Heat, Earth, and Sun

Friday I started earth science with the 5-7 graders at Peregrine
School. We started half an hour late because of the all-school
discussion of the meteor strike over Russia.  So I squeezed a lot into
35 minutes before a shortened recess break.  We reviewed the structure
of the Earth and then we talked about the three different ways heat
flows: conduction, convection, and radiation (which in this context is
just another word for light; it does not mean ionizing radiation,
which is what you need to protect your DNA from).  I brought a torch
and a saucepan to make the discussion of conduction more concrete:
cookware designers want the bottom to conduct heat very well so that
the food is heated evenly, but they want the handle to conduct heat
poorly so that you don't burn yourself.  Then I added water to segue
to convection.  Because hot fluids rise, convection occurs whenever a
fluid is heated from below, which occurs in very diverse contexts:
boiling water on the stove, fluid rock in Earth's mantle, and the
movement of air in the atmosphere.

Next, I drew a Sun far from our diagram of Earth, and I asked how heat
gets from the Sun to the Earth.  It can't be conduction or convection,
because empty space can't do either of these.  It's radiation (light).
So we observed thermal radiation (the light emitted by an object by
virtue of its temperature), noting the brightness and color of a light
bulb at different temperatures (achieved by changing the voltage).  We
analyzed the color in detail by looking through diffraction gratings
to make rainbows from the white light, and noting which color in the
rainbow was brightest.  The pattern that emerges is: raising the
temperature makes the light bluer, and makes it much brighter.  We
think of red hot as being about the hottest temperature we ever
encounter, but really white hot is even hotter (the light is a mixture
of red, green, and blue), and blue hot is even hotter than that.  (The
ocean and sky are blue because they scatter the blue light from the
Sun, not because they are emitting light.)  Even objects at room
temperature emit thermal radiation, but that light is "redder than
red" or infrared.  These kids had played with an infrared camera
before, so I didn't bring one, but we discussed their IR camera
experience in this new light.  (Read this post to get the basics of
the IR camera experience.)

The last point I made before recess break: Earth's temperature is a
balance between the energy it gets from the Sun and the energy
(infrared light) it emits into space.  To maintain a roughly stable
temperature, it must emit as much as it gets.  We would examine that
balance in more detail after the break.  During the break, I had a
trick to keep them thinking about this subject: I brought a parabolic
mirror, pointed it at the Sun, and we entertained ourselves setting
things on fire.

After the break, before moving on, I felt they needed more practice with
conduction, convection, and radiation, so I had them work in groups to design
thermoses.  We put together ideas from the different groups to arrive at a
consensus design which minimizes conduction, convection, and radiation.

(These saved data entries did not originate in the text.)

(* For every $n \geq 1$, the map $\psi$ is a bijection from $\mathcal{S}^{(1)}_n$, the set of skeletons of planar linear normal $\lambda$-terms with $n$ atoms, onto $\mathcal{V}_{n-1}$, the set of v-trees with $n-1$ edges.
   Context: $\lambda$-terms, linear (closed, each abstraction binds exactly one atom), normal (no sub-term $(\lambda x.u)\,v$) and planar terms are standard; the skeleton of a term is the plane unary-binary tree (atom $\mapsto$ leaf, application $u\,v \mapsto$ binary node with left subtree from $u$ and right subtree from $v$, abstraction $\mapsto$ unary node), and planarity means the edges from each leaf's parent to its binding unary node, drawn counter-clockwise and entering from the right, do not cross; the number of atoms is the number of leaves. For a unary-binary tree $S$ and node $u$, $S_u$ is the subtree at $u$, and $\operatorname{leaf}, \operatorname{unary}$ count leaves and unary nodes. The map $\psi$: for $S \in \mathcal{S}^{(1)}_n$, let $T$ be the plane tree whose nodes are a new root $r$ and the binary nodes of $S$. For a node $u$ of $T$, let $R(u)$ be the right subtree of $u$ in $S$ if $u$ is a binary node, and $R(r)=S$. The children of $u$ in $T$, from left to right, are $x_1, \ldots, x_m$ where $x_1$ is the first binary node of $R(u)$ reached from its root through a (possibly empty) chain of unary nodes, and $x_{i+1}$ is the left child of $x_i$ in $S$ as long as it is a binary node (no children if $R(u)$ has no binary node). Label each binary node $u$ by $\ell(u) = \operatorname{leaf}(S_v) - \operatorname{unary}(S_v)$, $v$ the right child of $u$ in $S$, and label $r$ by $\ell(r) = \operatorname{leaf}(S_w) - \operatorname{unary}(S_w)$, where $w$ is the first node of $S$ (from the root) that is not unary. Set $\psi(S)=(T,\ell)$. A v-tree is a plane tree $T$ with integer node labels $\ell$ such that: (i) leaves have label $0$ or $1$; (ii) every non-root node $u$ with children $v_1,\ldots,v_k$ satisfies $0 \leq \ell(u) \leq 1 + \sum_{i=1}^k \ell(v_i)$; (iii) the root $r$ with children $v_1,\ldots,v_k$ satisfies $\ell(r) = 1 + \sum_{i=1}^k \ell(v_i)$. Its size is its number of edges. *)

From mathcomp Require Import all_boot all_order all_algebra.
Set Implicit Arguments. Unset Strict Implicit. Unset Printing Implicit Defensive.
Import Order.TTheory GRing.Theory Num.Theory.

Inductive term : Type :=
| Var of nat            (* de Bruijn index: 0 = nearest enclosing abstraction *)
| App of term & term
| Lam of term.

Fixpoint closed_at (k : nat) (t : term) : bool :=
  match t with
  | Var i => i < k
  | App u v => closed_at k u && closed_at k v
  | Lam u => closed_at k.+1 u
  end.
Definition closed (t : term) : bool := closed_at 0 t.

Fixpoint occ (d : nat) (t : term) : nat :=
  match t with
  | Var i => (i == d)
  | App u v => occ d u + occ d v
  | Lam u => occ d.+1 u
  end.

Fixpoint lin_abs (t : term) : bool :=
  match t with
  | Var _ => true
  | App u v => lin_abs u && lin_abs v
  | Lam u => (occ 0 u == 1) && lin_abs u
  end.

Definition linear (t : term) : bool := closed t && lin_abs t.

Fixpoint normal (t : term) : bool :=
  match t with
  | Var _ => true
  | App (Lam _) _ => false
  | App u v => normal u && normal v
  | Lam u => normal u
  end.

(* Planarity: ordered (exchange-free) typing.  The context lists the free
   variables (as de Bruijn indices) in binding order; an application splits
   the context in order, an abstraction adds its variable at the end. *)
Inductive planar_ctx : seq nat -> term -> Prop :=
| PVar i : planar_ctx [:: i] (Var i)
| PApp G D u v : planar_ctx G u -> planar_ctx D v -> planar_ctx (G ++ D) (App u v)
| PLam G u : planar_ctx (map S G ++ [:: 0]) u -> planar_ctx G (Lam u).

Definition planar (t : term) : Prop := planar_ctx [::] t.

Fixpoint atoms (t : term) : nat :=
  match t with
  | Var _ => 1
  | App u v => atoms u + atoms v
  | Lam u => atoms u
  end.

Inductive ubtree : Type :=
| Leaf
| Unary of ubtree
| Binary of ubtree & ubtree.

Fixpoint skeleton (t : term) : ubtree :=
  match t with
  | Var _ => Leaf
  | App u v => Binary (skeleton u) (skeleton v)
  | Lam u => Unary (skeleton u)
  end.

Fixpoint nleaf (s : ubtree) : nat :=
  match s with Leaf => 1 | Unary s' => nleaf s' | Binary l r => nleaf l + nleaf r end.
Fixpoint nunary (s : ubtree) : nat :=
  match s with Leaf => 0 | Unary s' => (nunary s').+1 | Binary l r => nunary l + nunary r end.

Definition S1 (n : nat) (s : ubtree) : Prop :=
  exists t : term, [/\ linear t, normal t, planar t, atoms t = n & skeleton t = s].

Inductive vtree : Type := VNode of int & seq vtree.

Definition vlabel (t : vtree) : int := let: VNode l _ := t in l.
Definition vchildren (t : vtree) : seq vtree := let: VNode _ c := t in c.

Definition sum_labels (c : seq vtree) : int := (\sum_(x <- c) vlabel x)%R.

Fixpoint nonroot_ok (t : vtree) : bool :=
  let: VNode l c := t in
  [&& nilp c ==> ((l == 0%R) || (l == 1%R)),
      (0 <= l)%R, (l <= 1 + sum_labels c)%R & all nonroot_ok c].

Definition is_vtree (t : vtree) : bool :=
  let: VNode l c := t in
  [&& nilp c ==> ((l == 0%R) || (l == 1%R)),
      l == (1 + sum_labels c)%R & all nonroot_ok c].

Fixpoint nnodes (t : vtree) : nat :=
  let: VNode _ c := t in (sumn (map nnodes c)).+1.

Definition vsize (t : vtree) : nat := (nnodes t).-1.

Definition V (m : nat) (t : vtree) : Prop := is_vtree t /\ vsize t = m.

Definition lab (s : ubtree) : int := (nleaf s)%:Z - (nunary s)%:Z.

Fixpoint strip (s : ubtree) : ubtree :=
  match s with Unary s' => strip s' | _ => s end.

(* kids s : the T-children of a node u with R(u) = s, i.e. the psi-images of
   x_1, x_2, ... where x_1 = first binary node of s after unary nodes and
   x_{i+1} = left child of x_i while binary. *)
Fixpoint kids (s : ubtree) : seq vtree :=
  match s with
  | Leaf => [::]
  | Unary s' => kids s'
  | Binary l r => VNode (lab r) (kids r) :: lspine l
  end
with lspine (s : ubtree) : seq vtree :=
  match s with
  | Binary l r => VNode (lab r) (kids r) :: lspine l
  | _ => [::]
  end.

Definition psi (s : ubtree) : vtree := VNode (lab (strip s)) (kids s).

(* A skeleton lies in S^(1)_n exactly when it is [admissible] (no unary node
   is a left child, and below every unary node there are more leaves than unary
   nodes) and has n leaves and n unary nodes: a planar term with that skeleton is
   built by splitting the ordered context at every application.
   For a node of T with right subtree s, the label leaf - unary of s equals
   1 + (sum of the labels of its T-children) - (length of the unary chain on top
   of s).  This identity gives the v-tree conditions, and read backwards it
   recovers every unary chain from the labels, so psi is inverted node by node;
   at the root the whole skeleton is balanced, so the chain length is the root
   label itself. *)

From Pilot Require Import Defs.
From mathcomp Require Import all_boot all_order all_algebra zify.
Set Implicit Arguments. Unset Strict Implicit. Unset Printing Implicit Defensive.
Import Order.TTheory GRing.Theory Num.Theory.

Definition unary_node (s : ubtree) : bool := if s is Unary _ then true else false.
Definition is_lam (t : term) : bool := if t is Lam _ then true else false.

Fixpoint admissible (s : ubtree) : bool :=
  match s with
  | Leaf => true
  | Unary u => admissible u && (nunary u < nleaf u)
  | Binary l r => [&& admissible l, admissible r & ~~ unary_node l]
  end.

Fixpoint nbinary (s : ubtree) : nat :=
  match s with
  | Leaf => 0
  | Unary u => nbinary u
  | Binary l r => (nbinary l + nbinary r).+1
  end.

Fixpoint unary_depth (s : ubtree) : nat :=
  if s is Unary u then (unary_depth u).+1 else 0.

Lemma nleaf_nbinary s : nleaf s = (nbinary s).+1.
Proof. elim: s => [|u IH|l IHl r IHr] //=; lia. Qed.

Lemma admissible_nunary s : admissible s -> nunary s <= nleaf s.
Proof.
elim: s => [|u IH|l IHl r IHr] //=; first by case/andP=> _; lia.
by case/and3P=> /IHl ? /IHr ? _; lia.
Qed.

Lemma atoms_skeleton t : atoms t = nleaf (skeleton t).
Proof. by elim: t => //= u -> v ->. Qed.

Lemma unary_node_skeleton t : unary_node (skeleton t) = is_lam t.
Proof. by case: t. Qed.

Lemma normal_App u v : normal (App u v) = [&& normal u, normal v & ~~ is_lam u].
Proof. by case: u => //= *; rewrite ?andbT ?andbF. Qed.

Lemma planar_ctx_admissible G t : planar_ctx G t -> normal t ->
  admissible (skeleton t) /\ nunary (skeleton t) + size G = nleaf (skeleton t).
Proof.
elim=> {G t} [//|G D u v _ IHu _ IHv|G u _ IH].
- rewrite normal_App => /and3P [/IHu [adm_u eq_u] /IHv [adm_v eq_v] lam_u] /=.
  by rewrite adm_u adm_v unary_node_skeleton lam_u size_cat; split=> //; lia.
- by move=> /IH [adm_u] /=; rewrite adm_u size_cat size_map /=; split=> //; lia.
Qed.

Lemma planar_ctx_closed_at G t k :
  planar_ctx G t -> all (fun i => i < k) G -> closed_at k t.
Proof.
move=> pt; elim: pt k => {G t} [i|G D u v _ IHu _ IHv|G u _ IH] k /=.
- by rewrite andbT.
- by rewrite all_cat => /andP [/IHu -> /IHv ->].
- by move=> ltGk; apply: IH; rewrite all_cat /= andbT all_map.
Qed.

Lemma planar_ctx_occ G t d : planar_ctx G t -> occ d t = count_mem d G.
Proof.
move=> pt; elim: pt d => {G t} [i|G D u v _ IHu _ IHv|G u _ IH] d /=.
- by rewrite addn0.
- by rewrite IHu IHv count_cat.
- by rewrite IH count_cat count_map /= !addn0.
Qed.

Back to the main thread: I noted how the parabolic mirror gathered energy from
the Sun over a largish area and concentrated it on a small area.  If we
measured the power (energy per second) falling over one square meter
(about twice the area of the mirror), we would find that it's about
one kilowatt, or 1 kW.  I brought a 1 kW hair dryer to make that more
concrete.  We then talked about night vs day, and how the Sun is
fairly low in the sky during part of the day, and concluded that the
average power from the Sun on 1 square meter of Earth would be more
like 300 W.  So each square meter of Earth should emit about 300 W of
infrared light in order to maintain a stable temperature.

Recall that power emitted ("brightness") increases strongly as the
temperature of an object increases.  So if the temperature of that
square meter of Earth is low, it will emit less than it absorbs, and
that will raise its temperature.  But if the temperature goes up very
high, it will emit more than it absorbs, and the temp will come down.
We ought to be able to calculate the temp which is just right so that
it emits exactly 300 W.  This is where we returned to the computer
programming that the kids are loving so much.  Most of these kids are
not familiar with algebra, but they can (with lots of guidance from
me) write a loop over a range of plausible temperatures and print out
the power emitted at each temperature.

To do this, I had to give them the equation for power (in watts)
emitted as a function of temperature: 0.0000000567 T4, where T is in
Kelvins.  That led to a discussion of Fahrenheit vs Celsius vs Kelvin.
Fahrenheit is defined so that water freezes at 32 degrees and boils at
212, a 180-degree difference; Celsius is defined so that water freezes
at 0 degrees and boils at 100.  Therefore, each Celsius degree is
"bigger" by 180/100 or 9/5.  Therefore Fahrenheit = 9/5 Celsius + 32.
Kelvin = Celsius + 273 (I explained about absolute zero), so
Fahrenheit = 9/5 (Kelvin-273) + 32.  Admittedly, most students didn't
follow all these steps, but at least one did, and I told the others to
just use this to convert while focusing on the logical steps needed to
carry out their program.

So each group wrote a Python script to check from 1 to 1000 Kelvins,
at each step printing out the power emitted and the Fahrenheit
temperature.  It turns out that 26 F is the right temperature for 300
W.  Is this a reasonable answer?  We discussed the approximations
involved (primarily albedo, using snow as an example).  Then we tried
representing this information graphically.  Instead of scanning a list
of numbers to find the right temperature, I taught them how to make a
graph of power emitted vs temperature.  We then added a horizontal
line at 300 W, and the temp at which the line intersects the curve is
the "right" temp.  I really want to work on graph-making and
-interpreting skills, so we discussed the labels we should put on each
axis, and how to summarize the plot in words.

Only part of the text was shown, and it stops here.